PENALTIES AND EXCLUSIONS
Another important feature of the DPDP Act is the penalty clause. Noncompliance with the requirements by data fiduciaries can result in penalties of up to INR250 crore.Some of these include Breach of duty by the data principal up to INR10,000. Failure to notify the data protection board and the affected data principals in the event of a personal data breach is up to INR200 crore. Breach of additional obligations relating to children, up to INR200 crore.
The act excludes non-automated personal data, offline personal data, and personal data that has been in existence for at least 100 years. The maximum penalty of INR500 crore has been eliminated. Currently, no facility for grievance redressal review is included. The 72-hour time limit for reporting a data breach to authorities is exempt.
DRAFT DPDP RULES SPARK INDUSTRY CONCERNS- RECENT DEVELOPMENT
The Ministry of Electronics and Information Technology (MeitY) released the draft of the DPDP rules 2025 in January 2025, which seeks to implement the DPDP Act. Issues have arisen regarding this, as industrial stakeholders are concerned about these potential regulations. Significantly, Rule 22 hasdrawn attention for potentially granting the central government extensive authority to obtain personal information from businesses, which has sparked concernsabout unrestricted monitoring and data privacy violations.

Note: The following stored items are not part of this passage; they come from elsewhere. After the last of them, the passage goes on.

(* Let $V$ be a set of $n$ vertices, $k$ a positive integer, $u,w\in V$ distinct, and $V_{uw}\subseteq V\setminus\{u,w\}$ a set of $k$ vertices partitioned as $V_{uw}=V_u\cup V_w$ with $V_u=\{v_1,\ldots,v_s\}$ and $V_w=\{v_{s+1},\ldots,v_k\}$. Let $t$ be a spanning tree of the complete graph on $V$ with at most $k$ leaves (vertices of degree $1$) such that each vertex of $V_u$ is adjacent in $t$ only to $u$, and each vertex of $V_w$ is adjacent in $t$ only to $w$. Let $t_h$ be the graph obtained from $t$ by deleting the vertices $v_1,\ldots,v_k$ together with their incident edges. Then $t_h$ is a Hamiltonian path on the $n-k$ vertices of $V\setminus V_{uw}$. *)

From mathcomp Require Import all_boot.
Set Implicit Arguments. Unset Strict Implicit. Unset Printing Implicit Defensive.

Section Graphs.
Variable T : finType.

Definition simple_graph (e : rel T) : Prop := symmetric e /\ irreflexive e.

Definition nbhd (e : rel T) (x : T) : {set T} := [set y | e x y].
Definition deg (e : rel T) (x : T) : nat := #|nbhd e x|.

Definition leaves (e : rel T) : {set T} := [set x | deg e x == 1].

Definition gconnected (e : rel T) : Prop := forall x y, connect e x y.

Definition has_cycle (e : rel T) : Prop :=
  exists c : seq T, [/\ 3 <= size c, uniq c & cycle e c].

(* a tree (= spanning tree of the complete graph on T) *)
Definition is_tree (e : rel T) : Prop :=
  simple_graph e /\ gconnected e /\ ~ has_cycle e.

(* induced subgraph on S : edges of e with both endpoints in S
   (= delete the vertices outside S with their incident edges) *)
Definition induced (e : rel T) (S : {set T}) : rel T :=
  fun x y => [&& x \in S, y \in S & e x y].

Definition consec (p : seq T) (x y : T) : bool :=
  ((x, y) \in zip p (behead p)) || ((y, x) \in zip p (behead p)).

Definition is_ham_path (e : rel T) (S : {set T}) : Prop :=
  exists p : seq T,
    [/\ uniq p, S =i p,
        (forall x y, e x y -> x \in S /\ y \in S) &
        (forall x y, x \in S -> y \in S -> e x y = consec p x y)].

End Graphs.

From mathcomp Require Import all_boot.

Set Implicit Arguments. Unset Strict Implicit. Unset Printing Implicit Defensive.

(* Each vertex of V = Vu :|: Vw has a single neighbour, u or w, so V consists
   of leaves of t; as t has at most #|V| leaves, every other vertex has degree
   at least 2, and its neighbours avoid V unless it is u or w.  Hence the
   forest h induced on S = ~: V is connected and its vertices other than u
   and w have degree at least 2.  In an acyclic graph paths are unique and a
   path that cannot be extended backwards starts at a vertex of degree at most
   1; extending a path from x to w in h this way gives a path from u to w
   through x, so every vertex of S lies on the unique u-w path, and a chord of
   that path would close a cycle. *)

Section Degree.
Variables (T : finType) (e : rel T).

Lemma deg_gt1 x a b : e x a -> e x b -> a != b -> 1 < deg e x.
Proof.
by move=> exa exb a_neq_b; apply/card_gt1P; exists a, b; rewrite !inE.
Qed.

Lemma deg_le1 x c : (forall y, e x y -> y = c) -> deg e x <= 1.
Proof.
by move=> exc; apply/card_le1_eqP => a b; rewrite !inE => /exc-> /exc->.
Qed.

Lemma connect_deg_gt0 x y : connect e x y -> x != y -> 0 < deg e x.
Proof.
case/connectP => [[|z p]] /= => [_ -> | /andP[exz _] _ _].
  by rewrite eqxx.
by apply/card_gt0P; exists z; rewrite inE.
Qed.

End Degree.

Section Paths.
Variables (T : finType) (e : rel T).

Lemma connect_uniq_path x y :
  connect e x y -> exists p, [/\ path e x p, uniq (x :: p) & last x p = y].
Proof. by case/connectP => p /shortenP[p' ? ? _] ->; exists p'. Qed.

Lemma path_inducedE (S : {set T}) x p :
  x \in S -> path (induced e S) x p = all (mem S) p && path e x p.
Proof.
elim: p x => //= y p IH x xS; rewrite /induced xS /=.
by case yS: (y \in S); rewrite //= IH // andbCA.
Qed.

Hypothesis e_sym : symmetric e.

Lemma path_consec x p a b : path e x p -> consec (x :: p) a b -> e a b.
Proof.
elim: p x => [|c p IH] x //= /andP[exc cp].
rewrite /consec /= !in_cons.
case/orP => [/orP[/eqP[-> ->] // | ab] | /orP[/eqP[-> ->] | ba]].
- by apply: IH cp _; rewrite /consec ab.
- by rewrite e_sym.
- by apply: IH cp _; rewrite /consec ba orbT.
Qed.

Lemma uniq_path_avoid_pendants (S : {set T}) x p :
  (forall v, v \notin S -> deg e v <= 1) ->
  x \in S -> last x p \in S -> path e x p -> uniq (x :: p) -> all (mem S) p.
Proof.
move=> degS; elim: p x => [|y p IH] x //= xS lastS /andP[exy yp] /andP[xNyp up].
have [yS | yNS] := boolP (y \in S); first exact: (IH y).
case: p lastS yp up xNyp {IH} => [|z p] /=; first by rewrite (negPf yNS).
move=> _ /andP[eyz _] _; rewrite !inE negb_or => /andP[_ /norP[xNz _]].
by have := degS y yNS; rewrite leqNgt (@deg_gt1 _ _ y x z) // e_sym.
Qed.

End Paths.

Section Acyclic.
Variables (T : finType) (e : rel T).
Hypothesis e_sym : symmetric e.

Lemma path_meet_has_cycle x p q :
  path e x p -> path e x q -> uniq (x :: p) -> uniq (x :: q) ->
  has (mem q) p -> head x p != head x q -> has_cycle e.
Proof.
(* The cycle runs from x along p to its first vertex z on q, then back along
   q to x. *)
move=> xp xq up uq pq; case: (split_find pq) xp up => z p1 p2 zq p1Nq xp up.
case/splitPr: zq xq uq p1Nq => q1 q2 xq uq p1Nq head_neq.
exists (x :: rcons p1 z ++ rev q1); split.
- rewrite /= size_cat size_rcons size_rev.
  by case: p1 q1 head_neq {xp up xq uq p1Nq} => [|? ?] [|? ?] //=; rewrite eqxx.
- move: up uq; rewrite /= !mem_cat !mem_rcons mem_rev !inE !negb_or.
  rewrite !cat_uniq rcons_uniq rev_uniq has_rev /=.
  move=> /and4P[/andP[/andP[-> ->] _] -> _ _].
  move=> /and5P[/and3P[-> _ _] -> /norP[zNq1 _] _ _].
  rewrite andbT /= has_sym has_rcons negb_or zNq1 /= andbT.
  apply: contra p1Nq.
  by apply: sub_has => y /=; rewrite mem_cat => ->.
- rewrite /= rcons_cat cat_path last_rcons.
  move: xp xq; rewrite !cat_path /= => /andP[-> _] /andP[xq1 /andP[xq2 _]] /=.
  have e_rev : (fun a b => e b a) =2 e by move=> a b; exact: e_sym.
  have := rev_path e x (rcons q1 z).
  rewrite last_rcons belast_rcons rev_cons => ->.
  by rewrite (eq_path e_rev) rcons_path xq1 xq2.
Qed.

Hypothesis e_irr : irreflexive e.
Hypothesis e_acyclic : ~ has_cycle e.

Lemma acyclic_path_uniq x p q :
  path e x p -> path e x q -> uniq (x :: p) -> uniq (x :: q) ->
  last x p = last x q -> p = q.
Proof.
elim: p x q => [|a p IH] x [|b q] //= xp xq up uq lastE.
- by move: uq; rewrite lastE mem_last.
- by move: up; rewrite -lastE mem_last.
have [a_eq_b | a_neq_b] := eqVneq a b.
  subst b; move: xp xq up uq => /andP[_ ap] /andP[_ aq] /andP[_ up] /andP[_ uq].
  by congr (_ :: _); exact: IH ap aq up uq lastE.
case: e_acyclic; apply: (@path_meet_has_cycle x (a :: p) (b :: q)) => //.
apply/hasP; exists (last a p); first exact: mem_last.
by rewrite lastE; exact: mem_last.
Qed.

Lemma acyclic_nbhd_head y q z :
  path e y q -> uniq (y :: q) -> e y z -> z \in q -> z = head y q.
Proof.
move=> yq uq eyz zq; apply/eqP; apply: contraT => z_neq_head; case: e_acyclic.
have y_neq_z : y != z by apply: contraTneq zq => <-; case/andP: uq.
apply: (@path_meet_has_cycle y q [:: z]) => //=; rewrite ?eyz ?inE ?y_neq_z //.
  by apply/hasP; exists z; rewrite ?inE.
by rewrite eq_sym.
Qed.

Lemma acyclic_path_consec x p a b :
  path e x p -> uniq (x :: p) -> a \in x :: p -> b \in x :: p -> e a b ->
  consec (x :: p) a b.
Proof.
have consecC s c d : consec s c d = consec s d c by rewrite /consec orbC.
elim: p x => [|c p IH] x xp up.
  by rewrite !inE => /eqP-> /eqP->; rewrite e_irr.
have head_edge d : d \in x :: c :: p -> e x d -> consec (x :: c :: p) x d.
  move=> dxp exd; have dp : d \in c :: p.
    move: dxp; rewrite in_cons => /predU1P[dx|//].
    by move: exd; rewrite dx e_irr.
  by rewrite (acyclic_nbhd_head xp up exd dp) /consec /= in_cons eqxx.
have [-> | a_neq_x] := eqVneq a x; first by move=> _; exact: head_edge.
have [-> | b_neq_x] := eqVneq b x.
  by move=> ap _ eax; rewrite consecC; apply: head_edge; rewrite // e_sym.
rewrite !in_cons (negPf a_neq_x) (negPf b_neq_x) /= => ap bp eab.
case/andP: xp => _ cp; case/andP: up => _ ucp.
move: (IH c cp ucp ap bp eab); rewrite /consec /= !in_cons.
by case/orP => ->; rewrite !orbT.
Qed.

Lemma acyclic_path_extend x p :
  path e x p -> uniq (x :: p) ->
  exists y q, [/\ path e y q, uniq (y :: q), last y q = last x p,
                  {subset x :: p <= y :: q} & deg e y <= 1].
Proof.
have [m] := ubnP (#|T| - size p); elim: m x p => // m IH x p lt_m xp up.
case: (pickP [pred z | e x z && (z \notin x :: p)]).
  move=> z /andP[exz zNxp].
  have zxp : path e z (x :: p) by rewrite /= e_sym exz.
  have uz : uniq (z :: x :: p) by rewrite cons_uniq zNxp up.
  have [|y [q [yq uq lastE sub degy]]] := IH z (x :: p) _ zxp uz.
    have : size (z :: x :: p) <= #|T| by rewrite -(card_uniqP uz) max_card.
    by move=> /= lt_p_T; rewrite subnS -ltnS prednK // subn_gt0 ltnW.
  by exists y, q; split => // v vxp; apply: sub; rewrite in_cons vxp orbT.
move=> all_in; exists x, p; split => //.
apply: (deg_le1 (c := head x p)) => z exz.
apply: acyclic_nbhd_head => //.
move: (all_in z); rewrite /= exz /= in_cons => /negbFE.
by case/predU1P => // zx; move: exz; rewrite zx e_irr.
Qed.

End Acyclic.

Section Induced.
Variables (T : finType) (e : rel T) (S : {set T}).

Lemma induced_sym : symmetric e -> symmetric (induced e S).
Proof. by move=> e_sym x y; rewrite /induced e_sym andbCA. Qed.

Lemma induced_irr : irreflexive e -> irreflexive (induced e S).
Proof. by move=> e_irr x; rewrite /induced e_irr !andbF. Qed.

Lemma induced_acyclic : ~ has_cycle e -> ~ has_cycle (induced e S).
Proof.
move=> e_acyclic [c [c_size c_uniq c_cycle]]; apply: e_acyclic.
exists c; split => //.
by apply: sub_cycle c_cycle => x y /and3P[].
Qed.

End Induced.

Section SpanningTree.
Variables (T : finType) (u w : T) (Vu Vw : {set T}) (t : rel T).
Hypotheses (u_notin : u \notin Vu :|: Vw) (w_notin : w \notin Vu :|: Vw).
Hypotheses (t_sym : symmetric t) (t_irr : irreflexive t).
Hypotheses (t_conn : gconnected t) (t_acyclic : ~ has_cycle t).
Hypothesis leaves_le : #|leaves t| <= #|Vu :|: Vw|.
Hypothesis Vu_nbhd : forall v, v \in Vu -> forall y, t v y -> y = u.
Hypothesis Vw_nbhd : forall v, v \in Vw -> forall y, t v y -> y = w.

Local Notation V := (Vu :|: Vw).
Local Notation S := (~: V).
Local Notation h := (induced t S).

Fact u_in_S : u \in S. Proof. by rewrite inE. Qed.
Fact w_in_S : w \in S. Proof. by rewrite inE. Qed.

Fact h_sym : symmetric h. Proof. exact: induced_sym. Qed.
Fact h_irr : irreflexive h. Proof. exact: induced_irr. Qed.
Fact h_acyclic : ~ has_cycle h. Proof. exact: induced_acyclic. Qed.

Lemma V_nbhd v :
  v \in V -> exists2 c, (c == u) || (c == w) & forall y, t v y -> y = c.
Proof.
by rewrite inE => /orP[vVu | vVw]; [exists u; rewrite ?eqxx // => y /Vu_nbhd-> |
  exists w; rewrite ?eqxx ?orbT // => y /Vw_nbhd->].
Qed.

Lemma deg_V v : v \in V -> deg t v = 1.
Proof.
move=> vV; have [c c_uw vc] := V_nbhd vV.
have cS : c \in S by case/orP: c_uw => /eqP->; [exact: u_in_S | exact: w_in_S].
have v_neq_c : v != c by apply: contraTneq cS => <-; rewrite inE negbK.
apply/eqP; rewrite eqn_leq (deg_le1 vc).
exact: connect_deg_gt0 (t_conn v c) v_neq_c.
Qed.

Lemma leaves_eq_V : leaves t = V.
Proof.
apply/eqP; rewrite eq_sym eqEcard leaves_le andbT.
by apply/subsetP => v /deg_V vdeg; rewrite inE vdeg.
Qed.

Lemma deg_induced_gt1 x : x \in S -> x != u -> x != w -> 1 < deg h x.
Proof.
move=> xS xNu xNw.
have nbhd_h : nbhd h x = nbhd t x.
  apply/setP => y; rewrite !inE /induced xS /= in_setC.
  have [yV | //] := boolP (y \in V); apply/esym/negbTE/negP => txy.
  have [c c_uw yc] := V_nbhd yV.
  by move: c_uw; rewrite -(yc x) 1?t_sym // (negPf xNu) (negPf xNw).
have : x \notin leaves t by rewrite leaves_eq_V -in_setC.
rewrite /deg nbhd_h inE -/(deg t x).
have := connect_deg_gt0 (t_conn x u) xNu.
by case: (deg t x) => [|[|]].
Qed.

Lemma connect_induced x y : x \in S -> y \in S -> connect h x y.
Proof.
move=> xS yS; have [p [tp up lastp]] := connect_uniq_path (t_conn x y).
have deg_notin v : v \notin S -> deg t v <= 1 by rewrite inE negbK => /deg_V->.
apply/connectP; exists p => //; rewrite path_inducedE // tp andbT.
have lastS : last x p \in S by rewrite lastp.
exact: (uniq_path_avoid_pendants t_sym deg_notin xS lastS tp up).
Qed.

Lemma uw_path_covers s :
  path h u s -> uniq (u :: s) -> last u s = w -> S =i u :: s.
Proof.
move=> hs us lasts x; apply/idP/idP => [xS | ]; last first.
  rewrite in_cons => /predU1P[-> | xs]; first exact: u_in_S.
  by move: hs; rewrite path_inducedE ?u_in_S // => /andP[/allP/(_ x xs)].
have [-> | xNw] := eqVneq x w; first by rewrite -lasts mem_last.
have [r [hr ur lastr]] := connect_uniq_path (connect_induced xS w_in_S).
have [y [q [hq uq lastq sub degy]]] :=
  acyclic_path_extend h_sym h_irr h_acyclic hr ur.
have xq : x \in y :: q by apply: sub; exact: mem_head.
have w_in_q : w \in q.
  rewrite lastr in lastq.
  case: q hq uq lastq sub xq => [_ _ /= -> _ | z q _ _ <- _ _].
    by rewrite inE (negPf xNw).
  exact: (mem_last z q).
have yS : y \in S.
  by case: q hq w_in_q {uq lastq sub xq} => [|z q /andP[/and3P[]]].
have y_eq_u : y = u.
  apply/eqP; apply: contraTT degy => yNu; rewrite -ltnNge deg_induced_gt1 //.
  by apply: contraTneq w_in_q => <-; case/andP: uq.
subst y; rewrite (acyclic_path_uniq h_sym h_acyclic hs hq us uq) //.
by rewrite lasts lastq.
Qed.

Lemma induced_ham_path : is_ham_path h S.
Proof.
have [s [hs us lasts]] := connect_uniq_path (connect_induced u_in_S w_in_S).
have cover := uw_path_covers hs us lasts.
exists (u :: s); split => //; first by move=> x y /and3P[].
move=> x y xS yS; apply/idP/idP => [hxy | ]; last first.
  exact: (path_consec h_sym hs).
apply: (acyclic_path_consec h_sym h_irr h_acyclic hs us) => //.
all: by rewrite -cover.
Qed.

End SpanningTree.

Theorem lemma2 (T : finType) (n k : nat) (u w : T) (Vu Vw : {set T})
  (t : rel T) :
  #|T| = n ->
  0 < k ->
  u != w ->
  [disjoint Vu & Vw] ->
  u \notin Vu :|: Vw -> w \notin Vu :|: Vw ->
  #|Vu :|: Vw| = k ->
  is_tree t ->
  #|leaves t| <= k ->
  (forall v, v \in Vu -> forall y, t v y -> y = u) ->
  (forall v, v \in Vw -> forall y, t v y -> y = w) ->
  #|~: (Vu :|: Vw)| = n - k /\
  is_ham_path (induced t (~: (Vu :|: Vw))) (~: (Vu :|: Vw)).
Proof.
move=> card_T _ _ _ u_notin w_notin card_V [[t_sym t_irr] [t_conn t_acyclic]].
rewrite -card_V => leaves_le Vu_nbhd Vw_nbhd; split.
  by rewrite -card_T -(cardsC (Vu :|: Vw)) addKn.
exact: (induced_ham_path u_notin w_notin t_sym t_irr t_conn t_acyclic
          leaves_le Vu_nbhd Vw_nbhd).
Qed.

Concerns have also been raised about the draft guideline’s return of data localization requirements. Trade groups contended that these regulations could impede the unrestricted movement of data across national boundaries, which runs counter to the DPDP acts more liberal approach to transferring data.
These developments have accentuated an ongoing debate between making sure of national security and defending individual data privacy rights. The final rule is still awaited, which will provide clarity on how these provisions will be implemented and enforced.
WHAT THE DPDP ACT LACKS
The DPDP Act 2023 is an essential step towards the protection of data privacy in India, but it does not come without its shortcomings. There are a lot of concerns regarding the act, but the power it provides to the government, which includes eliminating its agencies from the law in the name of national security, with little transparency or oversight. It also lacks specific safeguards for children’s data and does not provide enough gate to the data protection board, which feels more like a formality than a watchdog. In real-world scenarios, users’ rights are limited, such as knowing how their data is used or saying “no” effectively. In sum, it sparks a discourse about privacy but leaves us wanting far more clarity, accountability, and actual control.
CONCLUSION
The DPDP Act 2023 made a huge step towards putting the person at the center of the data protection discourse. It empowers consumers like never before by promising consent-based data usage, the right to access data and amend personal information, and sanctions for data misuse. However, while the tagline Your data, Your Rules seems empowering, that throwing back will be determined by how the law is implemented and if institutional accountability.
In 2025, as more of our lives become digital, this law serves as a reminder that privacy is a right, not a privilege. Now, it is up to all of us users, businesses, and the government to ensure that those standards are not only written but also obeyed.